Anna Blythe Lappé has her fingers in so many pies, she could paint a colorful mural.

There’s the Small Planet Institute and Small Planet Fund. Real Food Media and Real Food Films. Real Food Reads and Food MythBusters. Voices of the Food Chain and Voices of an Organic Planet. Panta Rhea Foundation, Rainforest Action Network, and Mesa Refuge.

Underpinning all of her work are the knowledge, know-how and values expressed in three acclaimed books: Hope’s Edge, Grub and Diet for a Hot Planet.

As an authority on land-based food systems and agricultural sustainability who fights for fair, healthy, humane, local and environmentally responsible food chains, Lappé speaks up and speaks out.

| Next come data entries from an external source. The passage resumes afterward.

Lemma coef_sqnorm_raise n j l : (j < n)%nat ->
  coef_sqnorm n (map (raise_term j) l) = coef_form n (fun a => INR (S (a j)) / 2) l.
Proof.
  intros Hj. unfold coef_sqnorm, coef_form. rewrite lsum_map.
  apply lsum_ext; intros p _. rewrite lsum_map. apply lsum_ext; intros q _.
  unfold raise_term; cbn [fst snd].
  rewrite eq_upto_upd_mi, (eq_upto_split n j (snd p)), !indic_andb by exact Hj.
  remember (indic (eq_upto n (upd_mi (snd p) j 0) (upd_mi (snd q) j 0))) as E.
  transitivity (coef_dot p q
    * (ladder (S (snd p j)) * ladder (S (snd q j)) * indic (Nat.eqb (S (snd p j)) (S (snd q j))))
    * E); [unfold coef_dot; cbn [fst snd]; ring|].
  rewrite ladder_succ_pair. unfold coef_dot. field.
Qed.

Lemma mabs_ext n a b : (forall i, (i < n)%nat -> a i = b i) -> mabs n a = mabs n b.
Proof.
  induction n as [|n IH]; simpl; intros H; [reflexivity|].
  rewrite IH, H by auto with arith. reflexivity.
Qed.

Lemma le_mabs n j a : (j < n)%nat -> (a j <= mabs n a)%nat.
Proof.
  induction n as [|n IH]; simpl; intros Hj; [lia|].
  destruct (Nat.eq_dec j n) as [-> | Hne]; [lia|]. specialize (IH ltac:(lia)). lia.
Qed.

At 10:45 a.m. Wednesday in the Amphitheater, Lappé, a 2016 recipient of the James Beard Foundation Leadership Award, will take to the stage to give an address titled “The Empathy of Food.”

For many in the baby-boom generation, Lappé has long been a household name. She said that both of her parents influenced her work.

Anna Blythe Lappé

Her father, toxicologist and bioethicist Marc Alan Lappé, was instrumental in the movement to integrate ethics with toxics and genetics policy. He advocated for the precautionary approach to risk management and against toxic chemicals — including the massive amount of toxic wastes dumped at Love Canal in Niagara Falls — silicon implants and genetically-modified organisms, until his death from a brain tumor in 2005.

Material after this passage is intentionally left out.